CommentaireLes paysans suisses sont-ils à ce point mal aimés?
Crise du monde agricole: les faîtières de l'agriculture suisse ont fixé cinq revendications, dont celle du respect.
- par
- Eric Felley
Face à la colère des mouvements d'agriculteurs allemands et français, les agriculteurs suisses sont dans le doute: faut-il les rejoindre et comment ?Lundi, l'Union suisse des paysans (USP), Agora et les Chambres romandes d’agriculture ont tenu une réunion et publié une pétition commune faisant valoir leurs revendications.
La première d'entre elle fait état du manque de reconnaissance de la profession, du «dénigrement» ressenti ou du «manque de reconnaissance sociale». Dans le communiqué, il est dit: «les familles paysannes reçoivent plus souvent des coups de bâton, en particulier sur les réseaux sociaux, que des fleurs».
Autonomie et moratoire
Les autres revendications sont plus terre-à-terre. Elles exigent le maintien des moyens que la Confédération attribue à la branche jusqu'en 2029, moins de paperasses fédérales, plus d'autonomie régionale, 5 à 10% d'augmentation des prix à la production et une forme de moratoire sur les mesures environnementales.
Ces revendications ne sont pas vraiment nouvelles. La plupart sont du ressort du Parlement à Berne, où le monde paysan traditionnel y reçoit rarement des «coups de bâton», tant il y est bien implanté. «Moins il y a d’agriculteurs en Suisse, plus ils sont nombreux à siéger», a ironisé «Le Temps» après les élections d'octobre dernier, qui ont renforcé encore l'influence de la branche. Un conseiller national sur dix vient de ce milieu, qui ne représente pourtant que 2,3% de la population active.
Paysans entendus
Lors de la session de décembre, le lobby paysan a pu maintenir le niveau des paiements directs en faisant refuser la coupe de 2,2% (55 millions de francs) prévue par le Conseil fédéral. Le Parlement a aussi décidé l'introduction de contributions fédérales (30%) pour réduire les primes pour les assurances récoltes. Il a décidé aussi de reporter d'une année l'exigence de consacrer 3,5 pour cent de surfaces pour la biodiversité dans les grandes cultures.

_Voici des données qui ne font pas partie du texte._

(* Assume the standing setting, and let $e$ be an edge of type I. Then there exist partitions $(A_1,A_2)$ of $U$ and $(B_1,B_2)$ of $W$ such that $|B_1|=|A_1|+1$, $|A_2|=|B_2|+1$, $E_G(A_2)=\{e_1\}$, $E_G(B_1)=\{e_2\}$ and $E_G[A_1,B_2]=\{e\}$; moreover, for any such partitions, $B_1$ and $A_2$ are barriers of $G-e$.
   Context: Graphs may have multiple edges but no loops. An edge is admissible if it lies in some perfect matching; a connected graph with at least two vertices is matching covered if every edge is admissible; an edge $e$ of a matching covered graph $G$ is removable if $G-e$ is matching covered, and nonremovable otherwise. A brick is a 3-connected nonbipartite graph $G$ such that $G-x-y$ has a perfect matching for all distinct $x,y$. A nonbipartite matching covered graph $G$ is near-bipartite if it has a pair of edges $\{e_1,e_2\}$ (a removable doubleton) such that $G-\{e_1,e_2\}$ is bipartite matching covered. For a graph with a perfect matching, a nonempty vertex set $S$ is a barrier if the number of odd components of $G-S$ equals $|S|$. $E_G(X)$ is the set of edges with both ends in $X$, $E_G[X,Y]$ the set of edges with one end in $X$ and the other in $Y$. Standing setting: $G$ is a near-bipartite brick with removable doubleton $\{e_1,e_2\}$, $H=G-\{e_1,e_2\}$, and $(U,W)$ is the bipartition of $H$, labelled so that both ends of $e_1$ lie in $U$ and both ends of $e_2$ lie in $W$. A nonremovable edge $e\notin\{e_1,e_2\}$ of $G$ is of type I if $e$ is removable in $H$, and of type II if $e$ is nonremovable in $H$. *)

(* A loopless multigraph is given by a finite vertex type V,
   a finite edge type E and endpoint maps src dst : E -> V (orientation is
   irrelevant).  Spanning subgraphs are described by their edge set F : {set E};
   the vertex set is always all of V unless a vertex set S is given. *)
From mathcomp Require Import all_boot.
Set Implicit Arguments. Unset Strict Implicit. Unset Printing Implicit Defensive.

Section Graphs.
Variables (V E : finType) (src dst : E -> V).

Definition loopless := forall f : E, src f != dst f.

Definition incident (f : E) (v : V) : bool := (src f == v) || (dst f == v).

Definition inside (S : {set V}) (f : E) : bool := (src f \in S) && (dst f \in S).

Definition adjIn (F : {set E}) (S : {set V}) : rel V := fun u v =>
  [&& u \in S, v \in S &
      [exists f in F, ((src f == u) && (dst f == v)) || ((src f == v) && (dst f == u))]].

Definition connected_on (F : {set E}) (S : {set V}) : Prop :=
  forall u v, u \in S -> v \in S -> connect (adjIn F S) u v.

Definition perfect_matching_on (F : {set E}) (S : {set V}) (M : {set E}) : Prop :=
  M \subset F /\ (forall f, f \in M -> inside S f) /\
  (forall v, v \in S -> #|[set f in M | incident f v]| = 1).

Definition perfect_matching (F : {set E}) (M : {set E}) :=
  perfect_matching_on F [set: V] M.

Definition has_perfect_matching_on (F : {set E}) (S : {set V}) : Prop :=
  exists M, perfect_matching_on F S M.

Definition admissible (F : {set E}) (f : E) : Prop :=
  exists M, perfect_matching F M /\ f \in M.

Definition matching_covered (F : {set E}) : Prop :=
  connected_on F [set: V] /\ 2 <= #|V| /\ (forall f, f \in F -> admissible F f).

Definition removable (F : {set E}) (f : E) : Prop :=
  f \in F /\ matching_covered (F :\ f).

Definition nonremovable (F : {set E}) (f : E) : Prop :=
  f \in F /\ ~ matching_covered (F :\ f).

Definition bipartite (F : {set E}) : Prop :=
  exists X : {set V}, forall f, f \in F -> (src f \in X) != (dst f \in X).

Definition three_connected (F : {set E}) : Prop :=
  4 <= #|V| /\ forall X : {set V}, #|X| <= 2 -> connected_on F (~: X).

Definition brick (F : {set E}) : Prop :=
  three_connected F /\ ~ bipartite F /\
  forall x y : V, x != y -> has_perfect_matching_on F (~: [set x; y]).

Definition removable_doubleton (F : {set E}) (e1 e2 : E) : Prop :=
  e1 \in F /\ e2 \in F /\ e1 != e2 /\
  bipartite (F :\: [set e1; e2]) /\ matching_covered (F :\: [set e1; e2]).

Definition edges_in (F : {set E}) (X : {set V}) : {set E} :=
  [set f in F | inside X f].

Definition edges_between (F : {set E}) (X Y : {set V}) : {set E} :=
  [set f in F | ((src f \in X) && (dst f \in Y)) || ((src f \in Y) && (dst f \in X))].

Definition components_minus (F : {set E}) (S : {set V}) : {set {set V}} :=
  [set [set u | (u \in ~: S) && connect (adjIn F (~: S)) v u] | v in ~: S].

Definition odd_components (F : {set E}) (S : {set V}) : nat :=
  #|[set C in components_minus F S | odd #|C|]|.

Definition barrier (F : {set E}) (S : {set V}) : Prop :=
  (exists M, perfect_matching F M) /\ S != set0 /\ odd_components F S = #|S|.

End Graphs.

(* Since e is removable in H but not in G, every edge of G - e other than e1, e2 is admissible
   in G - e, so G - e has no perfect matching containing both e1 and e2.  Such a matching is the
   same as a perfect matching between A = U - V(e1) and B = W - V(e2) in H - e, so by Hall's
   theorem some X in A has |N(X)| < |X|.  A perfect matching M of the brick G through e1 also
   contains e2 and matches A onto B; comparing M on X with N(X) gives |X| = |N(X)| + 1, the only
   edge of M leaving X outside N(X) being e.  Then A1 = X and B1 = N(X) + V(e2) work.
   Conversely, for any such partition the vertices of A1 are isolated in G - e - B1 while
   A2 + B2 is odd, so G - e - B1 has at least |A1| + 1 = |B1| odd components; since G - e has a
   perfect matching, B1 is a barrier, and symmetrically so is A2. *)

From mathcomp Require Import all_boot zify.
Set Implicit Arguments. Unset Strict Implicit. Unset Printing Implicit Defensive.
(* By induction on their number: remove the interval containing [u] and
   cover the rest, slightly to the right of it. *)
Lemma finite_cover_length (L : list (R * R)) u v :
  (forall t, u <= t <= v -> exists q, In q L /\ fst q <= t <= snd q) ->
  v - u <= lsum (clip u v) L.
Proof.
  remember (length L) as n eqn:Hn. assert (HlenL : (length L <= n)%nat) by lia. clear Hn.
  revert L u v HlenL. induction n as [|n IH]; intros L u v HlenL Hcov;
  (destruct (Rle_dec u v) as [Huv|Huv];
     [|pose proof (lsum_nonneg (clip u v) L (clip_nonneg u v)); lra]);
  destruct (Hcov u (conj (Rle_refl u) Huv)) as [q [Hq Hqu]];
  destruct (in_split _ _ Hq) as [A [B ->]];
  [rewrite length_app in HlenL; simpl in HlenL; lia|].
  rewrite lsum_app; simpl.
  pose proof (lsum_nonneg (clip u v) A (clip_nonneg u v)).
  pose proof (lsum_nonneg (clip u v) B (clip_nonneg u v)).
  destruct (Rle_dec v (snd q)) as [Hv|Hv].
  - assert (clip u v q = v - u); [|lra].
    unfold clip. rewrite Rmin_right, (Rmax_right (fst q) u), Rmax_right; lra.
  - assert (Hcq : clip u v q = snd q - u).
    { unfold clip. rewrite Rmin_left, (Rmax_right (fst q) u), Rmax_right; lra. }
    assert (Hrest : forall eta, eta > 0 -> v - (snd q + eta) <= lsum (clip u v) (A ++ B)).
    { intros eta He. apply Rle_trans with (lsum (clip (snd q + eta) v) (A ++ B)).
      - apply IH; [rewrite length_app in *; simpl in HlenL; lia|]. intros t Ht.
        destruct (Hcov t ltac:(lra)) as [q' [Hq' Ht']]. exists q'; split; auto.
        apply in_app_or in Hq'; apply in_or_app.
        destruct Hq' as [?|[<-|?]]; auto. exfalso; lra.
      - apply lsum_le. intros; apply clip_mono; lra. }
    rewrite lsum_app in Hrest.
    assert (v - snd q <= lsum (clip u v) A + lsum (clip u v) B); [|lra].
    apply le_epsilon. intros eta He. specialize (Hrest eta He). lra.
Qed.

Fixpoint chain (w : R) (T : list (R * R)) : Prop :=
  match T with [] => True | q :: T' => w <= fst q /\ fst q < snd q /\ chain (snd q) T' end.

Lemma chain_weaken w w' T : w' <= w -> chain w T -> chain w' T.
Proof. destruct T as [|q T]; simpl; auto. intros H [H1 H2]; split; [lra | auto]. Qed.

Lemma chain_nonempty T : forall w q, chain w T -> In q T -> fst q < snd q.
Proof.
  induction T as [|q' T IH]; intros w q HT Hq; [destruct Hq|].
  destruct HT as (_ & H2 & H3). destruct Hq as [<-|Hq]; eauto.
Qed.

(* Case analysis on the comparisons in an expression built from [Rmax]/[Rmin], innermost
   comparisons first so that every case is a linear arithmetic problem. *)
Ltac destruct_innermost_Rle_dec :=
  repeat match goal with |- context [Rle_dec ?a ?b] =>
    lazymatch a with context [Rle_dec _ _] => fail | _ =>
    lazymatch b with context [Rle_dec _ _] => fail | _ => destruct (Rle_dec a b) end end end.

Lemma chain_clip_le T : forall w r, chain w T ->
  lsum (fun q => clip (fst q) (snd q) r) T <= Rmax 0 (snd r - Rmax (fst r) w).
Proof.
  induction T as [|[u v] T IH]; intros w [al bl] HT; simpl in *; [apply Rmax_l|].
  destruct HT as (H1 & H2 & H3). specialize (IH v (al, bl) H3). simpl in IH.
  pose proof (lsum_nonneg (fun q => clip (fst q) (snd q) (al, bl)) T
                (fun q => clip_nonneg _ _ _)) as Hn.
  set (X := lsum _ T) in *. clearbody X. revert IH.
  unfold clip, Rmax, Rmin; simpl.
  destruct_innermost_Rle_dec; intros; lra.
Qed.

Lemma finite_uniform_bound {A} (T : list A) (P : A -> nat -> Prop) :
  (forall q N N', (N <= N')%nat -> P q N -> P q N') -> (forall q, In q T -> exists N, P q N) ->
  exists N, forall q, In q T -> P q N.
Proof.
  intros Hm. induction T as [|q T IH]; intros H; [exists O; simpl; tauto|].
  destruct IH as [N HN]; [intros; apply H; right; auto|].
  destruct (H q (or_introl eq_refl)) as [N' HN'].
  exists (max N N'). intros q' [<-|Hq]; [apply (Hm _ N') | apply (Hm _ N)]; auto; lia.
Qed.

Section ChainCover.
Variables (B : R -> Prop) (T : list (R * R)) (w : R) (a b : nat -> R) (s : R).
Hypothesis HT : chain w T.
Hypothesis HTB : forall q, In q T -> forall t, fst q <= t < snd q -> B t.
Hypothesis Hab : forall i, a i <= b i.
Hypothesis Hcov : forall t, B t -> exists i, a i <= t <= b i.
Hypothesis Hs : infinite_sum (fun i => b i - a i) s.

Let X := lsum (fun q => snd q - fst q) T.

Lemma enlarged_cover_length eta N : 0 < eta ->
  psum (fun i => (b i + eta * (/2) ^ (S i)) - (a i - eta * (/2) ^ (S i))) N <= s + 2 * eta.
Proof.
  intros Heta.
  rewrite (psum_ext _ (fun i => (b i - a i) + 2 * (eta * (/2) ^ (S i)))) by (intros i; ring).
  rewrite psum_plus, psum_scal.
  pose proof (geometric_psum_le eta N (Rlt_le _ _ Heta)).
  pose proof (psum_le_infinite_sum (fun i => b i - a i) s
                (fun i => ltac:(specialize (Hab i); lra)) Hs N).
  lra.
Qed.
(* Let $d\in\{0,1,\dots,S\}$ and let $\bar\xi_d$ be the uniform design on $\mathcal{X}^{(S)}_d$. Then its information matrix is block diagonal, $$\mathbf{M}(\bar\xi_d)=\begin{pmatrix} h_1(d)\,\mathbf{Id}_{K}\otimes\mathbf{M} & \mathbf{0} & \mathbf{0}\\ \mathbf{0} & h_2(d)\,\mathbf{Id}_{\binom K2}\otimes\mathbf{M}\otimes\mathbf{M} & \mathbf{0}\\ \mathbf{0} & \mathbf{0} & h_3(d)\,\mathbf{Id}_{\binom K3}\otimes\mathbf{M}\otimes\mathbf{M}\otimes\mathbf{M}\end{pmatrix},$$ where the three diagonal blocks correspond to the main-effect, first-order-interaction and second-order-interaction components of $\mathbf{f}$, and $$h_1(d)=\frac{d}{K},\qquad h_2(d)=\frac{d}{2vK(K-1)}\,(2Sv-2S-dv-v+2),\qquad h_3(d)=\frac{d\,\lambda(d)}{4v^2K(K-1)(K-2)},$$ with $$\lambda(d)=3S^2+3S^2v^2-6S^2v-3Sdv^2+3Sdv-6Sv^2+15Sv-9S+d^2v^2+3dv^2-6dv+2v^2-6v+6 .$$
   Context: Fix integers $v\ge 2$, $K\ge 3$ and $S$ with $3\le S\le K$. Let $\mathbf{e}_i$ denote the $i$th unit vector of $\mathbb{R}^{v-1}$ and $\mathbf{1}_{v-1}$ the all-ones vector. Define $\mathbf{f}_1:\{0,1,\dots,v\}\to\mathbb{R}^{v-1}$ by $\mathbf{f}_1(i)=\mathbf{e}_i$ for $1\le i\le v-1$, $\mathbf{f}_1(v)=-\mathbf{1}_{v-1}$, $\mathbf{f}_1(0)=\mathbf{0}$. For $\mathbf{i}=(i_1,\dots,i_K)\in\{0,\dots,v\}^K$ let $\mathbf{f}(\mathbf{i})\in\mathbb{R}^p$ be the vector obtained by stacking the vectors $\mathbf{f}_1(i_k)$ ($k=1,\dots,K$), then $\mathbf{f}_1(i_k)\otimes\mathbf{f}_1(i_\ell)$ ($k<\ell$, lexicographic order), then $\mathbf{f}_1(i_k)\otimes\mathbf{f}_1(i_\ell)\otimes\mathbf{f}_1(i_m)$ ($k<\ell<m$, lexicographic order); here $\otimes$ is the Kronecker product and $p=p_1+p_2+p_3$ with $p_1=K(v-1)$, $p_2=\binom K2(v-1)^2$, $p_3=\binom K3(v-1)^3$. The design region $\mathcal{X}^{(S)}$ is the set of ordered pairs $(\mathbf{i},\mathbf{j})$ with $\mathbf{i},\mathbf{j}\in\{0,\dots,v\}^K$ for which there is a set $A$ of exactly $S$ attributes with $i_k,j_k\in\{1,\dots,v\}$ for $k\in A$ and $i_k=j_k=0$ for $k\notin A$. For $d\in\{0,\dots,S\}$, $\mathcal{X}^{(S)}_d$ is the set of pairs in $\mathcal{X}^{(S)}$ with $i_k\ne j_k$ for exactly $d$ indices $k$ (the comparison depth). An approximate design $\xi$ is a finitely supported probability measure on $\mathcal{X}^{(S)}$, with information matrix $\mathbf{M}(\xi)=\sum_{(\mathbf{i},\mathbf{j})}\xi(\mathbf{i},\mathbf{j})(\mathbf{f}(\mathbf{i})-\mathbf{f}(\mathbf{j}))(\mathbf{f}(\mathbf{i})-\mathbf{f}(\mathbf{j}))^\top$. The design $\bar\xi_d$ assigns weight $1/|\mathcal{X}^{(S)}_d|$ to each pair of $\mathcal{X}^{(S)}_d$ and $0$ elsewhere. Finally $\mathbf{M}=\frac{2}{v-1}(\mathbf{Id}_{v-1}+\mathbf{1}_{v-1}\mathbf{1}_{v-1}^\top)$. *)

From HB Require Import structures.
From mathcomp Require Import all_boot all_order all_algebra.
Set Implicit Arguments. Unset Strict Implicit. Unset Printing Implicit Defensive.
Import Order.TTheory GRing.Theory Num.Theory.
Local Open Scope ring_scope.

Definition profile (K v : nat) := {ffun 'I_K -> 'I_v.+1}.

(* f_1(i) in R^(v-1), coordinate a (0-based, a < v-1):
   f_1(0) = 0, f_1(i) = e_i (1 <= i <= v-1), f_1(v) = -1. *)
Definition f1 {R : numFieldType} (v : nat) (i : 'I_v.+1) (a : 'I_v.-1) : R :=
  if (i : nat) == v then -1
  else if (i : nat) == a.+1 then 1 else 0.

Definition pair_idx (K : nat) := {x : 'I_K * 'I_K | (x.1 < x.2)%N}.
Definition trip_idx (K : nat) :=
  {x : 'I_K * 'I_K * 'I_K | (x.1.1 < x.1.2)%N && (x.1.2 < x.2)%N}.

(* Coordinates of f(i) in R^p, p = p1 + p2 + p3:
   main effects (k, a), two-factor ((k,l), a, b), three-factor ((k,l,m), a, b, c);
   the Kronecker coordinate (a,b[,c]) carries f1(i_k)_a f1(i_l)_b [f1(i_m)_c]. *)
Definition fcoord (K v : nat) : finType :=
  (('I_K * 'I_v.-1) + (pair_idx K * 'I_v.-1 * 'I_v.-1)
   + (trip_idx K * 'I_v.-1 * 'I_v.-1 * 'I_v.-1))%type.

Definition fvec {R : numFieldType} (K v : nat) (i : profile K v) (c : fcoord K v) : R :=
  match c with
  | inl (inl (k, a)) => f1 (i k) a
  | inl (inr (kl, a, b)) => f1 (i (val kl).1) a * f1 (i (val kl).2) b
  | inr (klm, a, b, e) =>
      f1 (i (val klm).1.1) a * f1 (i (val klm).1.2) b * f1 (i (val klm).2) e
  end.

Definition in_XS (K v S : nat) (x : profile K v * profile K v) : bool :=
  [exists A : {set 'I_K}, (#|A| == S) &&
     [forall k, if k \in A then (x.1 k != ord0) && (x.2 k != ord0)
                else (x.1 k == ord0) && (x.2 k == ord0)]].

Definition in_XSd (K v S d : nat) (x : profile K v * profile K v) : bool :=
  in_XS S x && (#|[set k | x.1 k != x.2 k]| == d).

Definition design (R : numFieldType) (K v : nat) := {ffun profile K v * profile K v -> R}.

Definition infoM {R : numFieldType} (K v : nat) (xi : design R K v)
  (c c' : fcoord K v) : R :=
  \sum_(x : profile K v * profile K v)
    xi x * ((fvec x.1 c - fvec x.2 c) * (fvec x.1 c' - fvec x.2 c')).

Definition xibar (R : numFieldType) (K v S d : nat) : design R K v :=
  [ffun x : profile K v * profile K v =>
     if in_XSd S d x then (#|[pred y : profile K v * profile K v | in_XSd S d y]|%:R)^-1
     else 0].

Definition Mm {R : numFieldType} (v : nat) (a a' : 'I_v.-1) : R :=
  2 / (v.-1)%:R * ((a == a')%:R + 1).

Definition h1 {R : numFieldType} (K v S d : nat) : R := d%:R / K%:R.
Definition h2 {R : numFieldType} (K v S d : nat) : R :=
  d%:R / (2 * v%:R * K%:R * (K%:R - 1)) *
  (2 * S%:R * v%:R - 2 * S%:R - d%:R * v%:R - v%:R + 2).
Definition lambda {R : numFieldType} (v S d : nat) : R :=
  let S := (S%:R : R) in let v := (v%:R : R) in let d := (d%:R : R) in
  3 * S ^+ 2 + 3 * S ^+ 2 * v ^+ 2 - 6 * S ^+ 2 * v - 3 * S * d * v ^+ 2
  + 3 * S * d * v - 6 * S * v ^+ 2 + 15 * S * v - 9 * S + d ^+ 2 * v ^+ 2
  + 3 * d * v ^+ 2 - 6 * d * v + 2 * v ^+ 2 - 6 * v + 6.
Definition h3 {R : numFieldType} (K v S d : nat) : R :=
  d%:R * lambda v S d /
  (4 * v%:R ^+ 2 * K%:R * (K%:R - 1) * (K%:R - 2)).

Definition blockM {R : numFieldType} (K v S d : nat) (c c' : fcoord K v) : R :=
  match c, c' with
  | inl (inl (k, a)), inl (inl (k', a')) =>
      h1 K v S d * ((k == k')%:R * Mm a a')
  | inl (inr (kl, a, b)), inl (inr (kl', a', b')) =>
      h2 K v S d * ((kl == kl')%:R * Mm a a' * Mm b b')
  | inr (klm, a, b, e), inr (klm', a', b', e') =>
      h3 K v S d * ((klm == klm')%:R * Mm a a' * Mm b b' * Mm e e')
  | _, _ => 0
  end.

(* For a pair (i, j) of profiles, the level pair (i_k, j_k) of attribute k is idle
   (0,0), a tie (a,a), a contrast (a,b) with a <> b, or invalid (exactly one zero);
   X^(S)_d consists of the pairs without invalid attribute, with S active attributes
   and d contrasts. Summing over X^(S)_d one attribute at a time, a factor G(i_k, j_k)
   only contributes its sums over the four kinds of level pairs, times sums over
   smaller regions of the same shape.
   The nonzero levels f_1(1), ..., f_1(v) sum to zero, so these kind sums vanish for
   G = f_1(i_k) and G = f_1(j_k): an entry whose two coordinates involve different
   sets of attributes is zero. For second moments, sum_(a=1..v) f_1(a) f_1(a)^T =
   Id + 1 1^T = (v-1)/2 M; a tie contributes this matrix and a contrast v-1 times it (both
   factors taken at the same profile) or -1 times it (at different profiles). The
   remaining weighted counts are ratios of |X^(S)_d| = C(K,S) C(S,d) v^(S-d)
   (v(v-1))^d, and give h_1, h_2, h_3. *)

From HB Require Import structures.
From mathcomp Require Import all_boot all_order all_algebra.
From mathcomp Require Import ring zify.
Set Implicit Arguments. Unset Strict Implicit. Unset Printing Implicit Defensive.
Import Order.TTheory GRing.Theory Num.Theory.
Local Open Scope ring_scope.

Notation pair_prof K v := (profile K v * profile K v)%type.
Notation level_pair v := ('I_v.+1 * 'I_v.+1)%type.

Section States.
Variables K v : nat.

Definition state (x : pair_prof K v) (k : 'I_K) : level_pair v := (x.1 k, x.2 k).

Definition set_state (x : pair_prof K v) (k : 'I_K) (σ : level_pair v) : pair_prof K v :=
  ([ffun j => if j == k then σ.1 else x.1 j], [ffun j => if j == k then σ.2 else x.2 j]).

Lemma state_set x k σ j : state (set_state x k σ) j = if j == k then σ else state x j.
Proof. by rewrite /state !ffunE; case: (j == k); rewrite -?surjective_pairing. Qed.

Lemma set_state_id x k : set_state x k (state x k) = x.
Proof.
by case: x => i j; congr (_, _); apply/ffunP => l; rewrite ffunE; case: eqP => // ->.
Qed.

Lemma set_state_set x k σ σ' : set_state (set_state x k σ) k σ' = set_state x k σ'.
Proof. by congr (_, _); apply/ffunP => j; rewrite !ffunE; case: eqP. Qed.

Lemma state_inj x y : (forall j, state x j = state y j) -> x = y.
Proof.
by case: x => i j; case: y => i' j' h; congr (_, _); apply/ffunP => l; case: (h l).
Qed.

End States.

Inductive attr_kind := Idle | Tie | Contrast | Invalid.

Definition nat_of_attr_kind (c : attr_kind) : nat :=
  match c with Idle => 0 | Tie => 1 | Contrast => 2 | Invalid => 3 end.
Definition attr_kind_of_nat (n : nat) : attr_kind :=
  match n with 0 => Idle | 1 => Tie | 2 => Contrast | _ => Invalid end.
Lemma nat_of_attr_kindK : cancel nat_of_attr_kind attr_kind_of_nat.
Proof. by case. Qed.
HB.instance Definition _ := Countable.copy attr_kind (can_type nat_of_attr_kindK).
Lemma attr_kind_enumP : Finite.axiom [:: Idle; Tie; Contrast; Invalid].
Proof. by case. Qed.
HB.instance Definition _ := isFinite.Build attr_kind attr_kind_enumP.

Lemma big_attr_kind (R : nmodType) (F : attr_kind -> R) :
  \sum_(c : attr_kind) F c = F Idle + F Tie + F Contrast + F Invalid.
Proof. by rewrite /index_enum !unlock /= addr0 !addrA. Qed.

Definition active (c : attr_kind) : bool := (c == Tie) || (c == Contrast).

Section Kinds.
Variables (R : numFieldType) (v : nat).
Hypothesis hv : (2 <= v)%N.

Definition kind (σ : level_pair v) : attr_kind :=
  if σ.1 == ord0 then (if σ.2 == ord0 then Idle else Invalid)
  else if σ.2 == ord0 then Invalid else if σ.1 == σ.2 then Tie else Contrast.

Definition kind_rep (c : attr_kind) : level_pair v :=
  match c with
  | Idle => (ord0, ord0)
  | Tie => (inord 1, inord 1)
  | Contrast => (inord 1, inord 2)
  | Invalid => (inord 1, ord0)
  end.
(* Let $f_1,f_2:\mathbb R^d\to\mathbb R$ be convex with $\nabla f_i$ globally Lipschitz continuous with modulus $L_i>0$ ($i=1,2$), let $f_3:\mathbb R^d\to\mathbb R\cup\{+\infty\}$ be proper and lower semicontinuous, and assume $\varphi:=f_1+f_2+f_3$ has a nonempty set of minimizers. Let $\alpha>0$ and $\gamma\in(0,\frac{1}{L_1+L_2})$. Then the relaxed Ryu envelope $\varphi_\gamma^{\mathrm{Ryu}}:\mathbb R^d\times\mathbb R^d\to\mathbb R\cup\{\pm\infty\}$ is real-valued and locally Lipschitz continuous.
   Context: For $h:\mathbb R^d\to\mathbb R\cup\{+\infty\}$ and $\gamma>0$, $\mathrm{prox}_{\gamma h}(z):=\operatorname{argmin}_{y}\{h(y)+\frac{1}{2\gamma}\|y-z\|^2\}$. Set $\gamma_1=\gamma/\alpha$, $\gamma_2=\gamma/(1-\alpha)$, with conventions $\frac{c}{0}=\infty$, $\frac{d}{\infty}=0$ ($c>0,d\in\mathbb R$). For $(z_1,z_2)\in\mathbb R^d\times\mathbb R^d$, let $x_1=\mathrm{prox}_{\gamma f_1}(z_1)$ and $x_2=\mathrm{prox}_{\frac{\gamma}{\alpha}f_2}(\frac{z_2}{\alpha}+x_1)$, and define the relaxed Ryu envelope $$\varphi_\gamma^{\mathrm{Ryu}}(z_1,z_2):=\min_{y\in\mathbb R^d}\Big\{f_3(y)+\sum_{i=1}^2\Big[f_i(x_i)+\langle y-x_i,\nabla f_i(x_i)\rangle+\frac{1}{2\gamma_i}\|y-x_i\|^2\Big]\Big\}.$$ *)

From HB Require Import structures.
From mathcomp Require Import all_boot all_order all_algebra.
From mathcomp Require Import all_classical all_reals all_analysis.
Set Implicit Arguments. Unset Strict Implicit. Unset Printing Implicit Defensive.
Import Order.TTheory GRing.Theory Num.Theory.
Import numFieldNormedType.Exports.
Local Open Scope ring_scope.
Local Open Scope classical_set_scope.

Section Defs.
Variables (R : realType) (d : nat).
Local Notation V := 'rV[R]_d.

Comme on le voit, les demandes des paysans trouvent assez facilement une majorité à Berne. Mais ils ne sont tout de même pas seuls au monde. L'agriculture en général fait l'objet d'un débat constant et critique sur son fonctionnement et son évolution. Cela englobe ce que le pays a de plus cher: ses sols, son eau, ses forêts, ses paysages, son air et sa nourriture.
Un métier dur...
Dans ce contexte, les paysans se sentent parfois incompris ou abandonnés dans leur travail, régi par un nombre de règles de plus en plus complexes. À cela s'ajoute qu'ils ne roulent pas sur l'or avec un revenu annuel moyen national de 56 100 francs, soit 4 675 francs par mois. Mais tout cela ne semble pas encore constitutif d'un «dénigrement» systématique du monde agricole. Au contraire, la Suisse aime sa paysannerie, un métier dur qui n'est pas à la portée de tout le monde, tant s'en faut.